Stored data entries:
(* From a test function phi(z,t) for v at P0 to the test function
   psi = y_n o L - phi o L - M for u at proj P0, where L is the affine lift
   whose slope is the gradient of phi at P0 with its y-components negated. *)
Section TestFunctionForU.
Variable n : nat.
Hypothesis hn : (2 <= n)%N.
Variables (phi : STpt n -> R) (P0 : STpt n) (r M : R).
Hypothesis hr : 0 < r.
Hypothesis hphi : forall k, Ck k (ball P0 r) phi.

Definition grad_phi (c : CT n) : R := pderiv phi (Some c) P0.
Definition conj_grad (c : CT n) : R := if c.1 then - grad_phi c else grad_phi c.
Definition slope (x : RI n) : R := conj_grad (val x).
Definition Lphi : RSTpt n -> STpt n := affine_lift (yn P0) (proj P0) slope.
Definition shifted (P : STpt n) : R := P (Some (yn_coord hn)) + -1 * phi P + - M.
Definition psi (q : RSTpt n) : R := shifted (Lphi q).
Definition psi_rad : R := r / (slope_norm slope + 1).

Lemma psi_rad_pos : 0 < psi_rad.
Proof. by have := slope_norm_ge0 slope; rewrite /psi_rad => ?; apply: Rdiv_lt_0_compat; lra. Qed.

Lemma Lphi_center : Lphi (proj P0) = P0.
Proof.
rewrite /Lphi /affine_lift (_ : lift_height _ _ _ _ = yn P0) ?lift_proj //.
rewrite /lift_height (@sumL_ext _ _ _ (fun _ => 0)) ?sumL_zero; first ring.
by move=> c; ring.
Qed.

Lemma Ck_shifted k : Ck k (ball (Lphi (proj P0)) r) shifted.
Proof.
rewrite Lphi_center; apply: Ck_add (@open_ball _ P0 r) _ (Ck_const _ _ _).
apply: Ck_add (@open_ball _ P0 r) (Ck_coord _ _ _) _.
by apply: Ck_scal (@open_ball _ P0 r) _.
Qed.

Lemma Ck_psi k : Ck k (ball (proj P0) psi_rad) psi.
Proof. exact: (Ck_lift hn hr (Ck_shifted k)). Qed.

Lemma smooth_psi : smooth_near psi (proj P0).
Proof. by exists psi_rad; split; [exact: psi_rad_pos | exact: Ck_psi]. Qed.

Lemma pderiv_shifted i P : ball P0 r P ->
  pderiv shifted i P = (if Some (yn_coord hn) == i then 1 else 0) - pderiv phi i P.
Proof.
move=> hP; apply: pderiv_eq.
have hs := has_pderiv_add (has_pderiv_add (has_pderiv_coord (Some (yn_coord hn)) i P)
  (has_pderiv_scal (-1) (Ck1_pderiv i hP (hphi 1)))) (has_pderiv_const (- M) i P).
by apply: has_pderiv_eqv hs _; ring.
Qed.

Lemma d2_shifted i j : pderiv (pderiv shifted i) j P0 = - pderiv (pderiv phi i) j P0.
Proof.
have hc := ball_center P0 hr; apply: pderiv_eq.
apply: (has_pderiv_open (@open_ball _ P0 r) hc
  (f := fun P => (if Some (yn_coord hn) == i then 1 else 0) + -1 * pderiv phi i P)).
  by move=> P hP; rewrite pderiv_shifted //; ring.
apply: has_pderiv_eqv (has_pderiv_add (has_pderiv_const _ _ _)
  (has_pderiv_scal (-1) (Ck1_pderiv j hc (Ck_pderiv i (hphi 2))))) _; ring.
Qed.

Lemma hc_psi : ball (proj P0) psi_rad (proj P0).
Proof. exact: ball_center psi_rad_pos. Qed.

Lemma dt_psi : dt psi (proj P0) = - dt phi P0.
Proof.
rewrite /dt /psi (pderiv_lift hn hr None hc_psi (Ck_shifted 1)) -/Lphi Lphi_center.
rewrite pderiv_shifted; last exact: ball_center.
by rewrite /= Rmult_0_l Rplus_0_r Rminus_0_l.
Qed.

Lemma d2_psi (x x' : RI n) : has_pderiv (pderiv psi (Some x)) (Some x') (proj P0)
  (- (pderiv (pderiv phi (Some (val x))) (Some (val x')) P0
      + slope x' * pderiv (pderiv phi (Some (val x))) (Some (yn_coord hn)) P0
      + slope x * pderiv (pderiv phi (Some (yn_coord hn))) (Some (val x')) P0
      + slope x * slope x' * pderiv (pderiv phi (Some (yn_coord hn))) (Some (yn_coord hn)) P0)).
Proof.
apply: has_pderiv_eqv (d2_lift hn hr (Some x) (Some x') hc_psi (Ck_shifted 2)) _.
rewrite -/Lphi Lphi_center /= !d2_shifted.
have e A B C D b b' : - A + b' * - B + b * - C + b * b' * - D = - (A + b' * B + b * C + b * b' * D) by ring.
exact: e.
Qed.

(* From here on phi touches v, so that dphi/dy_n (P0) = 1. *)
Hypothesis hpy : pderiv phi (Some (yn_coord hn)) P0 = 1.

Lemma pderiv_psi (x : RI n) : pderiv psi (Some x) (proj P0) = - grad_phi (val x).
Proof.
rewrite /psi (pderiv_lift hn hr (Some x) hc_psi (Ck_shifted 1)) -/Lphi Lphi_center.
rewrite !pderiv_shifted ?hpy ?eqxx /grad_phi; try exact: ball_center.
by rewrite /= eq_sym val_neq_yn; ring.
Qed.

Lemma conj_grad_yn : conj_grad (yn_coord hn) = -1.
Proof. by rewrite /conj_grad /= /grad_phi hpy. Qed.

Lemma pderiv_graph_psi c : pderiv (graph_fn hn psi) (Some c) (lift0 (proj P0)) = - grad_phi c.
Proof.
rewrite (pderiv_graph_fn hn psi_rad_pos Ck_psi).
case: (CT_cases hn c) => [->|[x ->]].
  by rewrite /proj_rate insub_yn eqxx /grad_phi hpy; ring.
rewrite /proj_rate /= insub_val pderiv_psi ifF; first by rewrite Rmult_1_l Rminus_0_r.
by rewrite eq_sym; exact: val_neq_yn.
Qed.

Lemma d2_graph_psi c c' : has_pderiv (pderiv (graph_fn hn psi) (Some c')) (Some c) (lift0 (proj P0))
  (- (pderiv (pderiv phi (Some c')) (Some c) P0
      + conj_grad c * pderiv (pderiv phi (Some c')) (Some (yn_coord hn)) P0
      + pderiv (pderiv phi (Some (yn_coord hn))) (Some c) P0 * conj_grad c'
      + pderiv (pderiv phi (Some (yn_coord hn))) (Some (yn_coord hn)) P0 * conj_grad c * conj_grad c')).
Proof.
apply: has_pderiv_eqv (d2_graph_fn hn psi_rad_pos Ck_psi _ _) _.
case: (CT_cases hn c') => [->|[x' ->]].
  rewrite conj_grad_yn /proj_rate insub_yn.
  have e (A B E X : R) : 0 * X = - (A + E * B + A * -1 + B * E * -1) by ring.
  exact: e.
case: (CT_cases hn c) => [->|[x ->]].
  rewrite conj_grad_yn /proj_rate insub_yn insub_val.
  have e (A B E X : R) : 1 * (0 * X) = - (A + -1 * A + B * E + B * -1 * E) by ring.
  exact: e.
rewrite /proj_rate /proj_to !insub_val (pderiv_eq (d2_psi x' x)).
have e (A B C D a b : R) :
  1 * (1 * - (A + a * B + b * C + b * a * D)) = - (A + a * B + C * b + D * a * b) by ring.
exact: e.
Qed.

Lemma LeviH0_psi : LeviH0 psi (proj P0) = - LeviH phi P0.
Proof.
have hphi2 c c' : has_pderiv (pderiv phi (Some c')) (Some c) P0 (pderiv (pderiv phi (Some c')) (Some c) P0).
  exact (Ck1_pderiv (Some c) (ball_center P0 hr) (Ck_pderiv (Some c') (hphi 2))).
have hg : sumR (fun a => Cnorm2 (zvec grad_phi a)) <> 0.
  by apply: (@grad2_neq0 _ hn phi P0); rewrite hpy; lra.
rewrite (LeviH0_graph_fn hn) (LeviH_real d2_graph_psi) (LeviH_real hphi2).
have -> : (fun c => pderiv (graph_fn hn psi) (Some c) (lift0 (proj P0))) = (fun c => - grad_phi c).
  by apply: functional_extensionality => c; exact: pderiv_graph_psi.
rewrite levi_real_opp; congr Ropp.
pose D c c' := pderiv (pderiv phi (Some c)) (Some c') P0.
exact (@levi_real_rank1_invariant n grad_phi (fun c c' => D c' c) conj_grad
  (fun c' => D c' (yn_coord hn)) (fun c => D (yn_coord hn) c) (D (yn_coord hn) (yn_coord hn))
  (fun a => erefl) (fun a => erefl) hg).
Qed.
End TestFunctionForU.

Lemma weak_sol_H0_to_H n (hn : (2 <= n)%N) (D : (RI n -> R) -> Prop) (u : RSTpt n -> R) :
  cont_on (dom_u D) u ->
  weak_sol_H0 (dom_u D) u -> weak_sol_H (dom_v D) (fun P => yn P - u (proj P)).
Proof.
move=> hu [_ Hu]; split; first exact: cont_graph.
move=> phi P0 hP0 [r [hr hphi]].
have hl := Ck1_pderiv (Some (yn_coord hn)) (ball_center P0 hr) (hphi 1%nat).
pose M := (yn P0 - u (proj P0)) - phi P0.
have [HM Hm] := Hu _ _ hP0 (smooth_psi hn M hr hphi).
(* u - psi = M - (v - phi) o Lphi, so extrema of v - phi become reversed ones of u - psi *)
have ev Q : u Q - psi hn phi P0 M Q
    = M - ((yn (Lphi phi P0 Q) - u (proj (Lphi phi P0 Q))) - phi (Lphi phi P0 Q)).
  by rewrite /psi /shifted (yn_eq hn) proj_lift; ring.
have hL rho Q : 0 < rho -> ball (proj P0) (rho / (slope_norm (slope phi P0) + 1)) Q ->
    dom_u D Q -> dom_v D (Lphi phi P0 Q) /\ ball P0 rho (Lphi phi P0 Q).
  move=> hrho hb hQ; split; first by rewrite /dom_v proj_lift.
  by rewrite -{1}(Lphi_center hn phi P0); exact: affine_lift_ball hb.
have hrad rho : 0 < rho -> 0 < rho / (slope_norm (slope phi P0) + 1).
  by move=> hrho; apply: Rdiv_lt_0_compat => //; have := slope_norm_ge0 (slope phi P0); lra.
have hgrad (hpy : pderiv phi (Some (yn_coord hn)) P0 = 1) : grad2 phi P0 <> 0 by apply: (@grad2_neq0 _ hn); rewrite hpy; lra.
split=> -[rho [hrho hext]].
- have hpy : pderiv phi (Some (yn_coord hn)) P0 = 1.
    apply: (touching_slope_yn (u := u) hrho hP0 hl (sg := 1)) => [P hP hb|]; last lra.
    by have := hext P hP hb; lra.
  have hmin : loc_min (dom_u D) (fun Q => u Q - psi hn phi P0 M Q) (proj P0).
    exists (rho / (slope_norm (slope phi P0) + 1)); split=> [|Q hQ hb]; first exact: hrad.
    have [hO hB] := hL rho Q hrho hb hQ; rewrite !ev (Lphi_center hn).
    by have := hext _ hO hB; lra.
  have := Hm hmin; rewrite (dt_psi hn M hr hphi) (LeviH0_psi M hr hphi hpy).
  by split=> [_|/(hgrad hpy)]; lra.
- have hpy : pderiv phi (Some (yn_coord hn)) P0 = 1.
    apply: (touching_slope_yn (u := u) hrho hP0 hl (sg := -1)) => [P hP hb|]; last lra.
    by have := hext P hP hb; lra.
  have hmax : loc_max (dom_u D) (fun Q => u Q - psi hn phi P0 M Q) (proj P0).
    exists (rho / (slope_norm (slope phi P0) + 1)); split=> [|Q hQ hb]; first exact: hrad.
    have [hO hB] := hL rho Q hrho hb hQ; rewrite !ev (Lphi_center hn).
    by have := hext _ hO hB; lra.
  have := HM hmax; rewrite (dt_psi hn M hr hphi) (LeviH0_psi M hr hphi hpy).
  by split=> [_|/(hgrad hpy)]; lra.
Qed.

==

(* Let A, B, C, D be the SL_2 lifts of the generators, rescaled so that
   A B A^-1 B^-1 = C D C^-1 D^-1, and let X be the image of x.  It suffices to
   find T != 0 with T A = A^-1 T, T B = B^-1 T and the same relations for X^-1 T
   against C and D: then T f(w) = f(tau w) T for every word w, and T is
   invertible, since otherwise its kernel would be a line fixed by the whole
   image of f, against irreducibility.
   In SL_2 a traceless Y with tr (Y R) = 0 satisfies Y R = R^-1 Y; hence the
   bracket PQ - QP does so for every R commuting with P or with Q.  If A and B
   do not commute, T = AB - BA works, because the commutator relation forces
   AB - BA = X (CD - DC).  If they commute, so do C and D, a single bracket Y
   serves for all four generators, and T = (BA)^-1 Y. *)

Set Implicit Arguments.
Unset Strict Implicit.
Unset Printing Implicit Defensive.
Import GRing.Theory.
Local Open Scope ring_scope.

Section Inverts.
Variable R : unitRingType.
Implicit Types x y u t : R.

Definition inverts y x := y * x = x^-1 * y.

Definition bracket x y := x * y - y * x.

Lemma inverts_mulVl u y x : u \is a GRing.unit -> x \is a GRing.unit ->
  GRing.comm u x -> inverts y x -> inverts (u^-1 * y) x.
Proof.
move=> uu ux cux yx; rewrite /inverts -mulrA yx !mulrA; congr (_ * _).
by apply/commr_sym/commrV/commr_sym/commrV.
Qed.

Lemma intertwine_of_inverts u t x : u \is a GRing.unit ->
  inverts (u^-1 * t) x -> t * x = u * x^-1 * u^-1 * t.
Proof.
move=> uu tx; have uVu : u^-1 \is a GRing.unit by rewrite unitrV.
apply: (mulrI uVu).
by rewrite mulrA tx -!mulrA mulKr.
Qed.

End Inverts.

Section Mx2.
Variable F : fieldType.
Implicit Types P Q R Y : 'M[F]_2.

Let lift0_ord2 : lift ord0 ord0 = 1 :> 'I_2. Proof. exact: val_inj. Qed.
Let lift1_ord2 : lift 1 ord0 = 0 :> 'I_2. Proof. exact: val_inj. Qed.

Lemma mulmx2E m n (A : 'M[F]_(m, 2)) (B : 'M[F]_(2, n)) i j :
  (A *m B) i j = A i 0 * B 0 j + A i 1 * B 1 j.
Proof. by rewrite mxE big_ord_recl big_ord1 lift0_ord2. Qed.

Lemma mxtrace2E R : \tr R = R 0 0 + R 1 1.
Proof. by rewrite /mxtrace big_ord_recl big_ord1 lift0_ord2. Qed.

● Instructions to follow
Say how many of the lines above include the word "hmin", giving the figure alone.

● Task result
2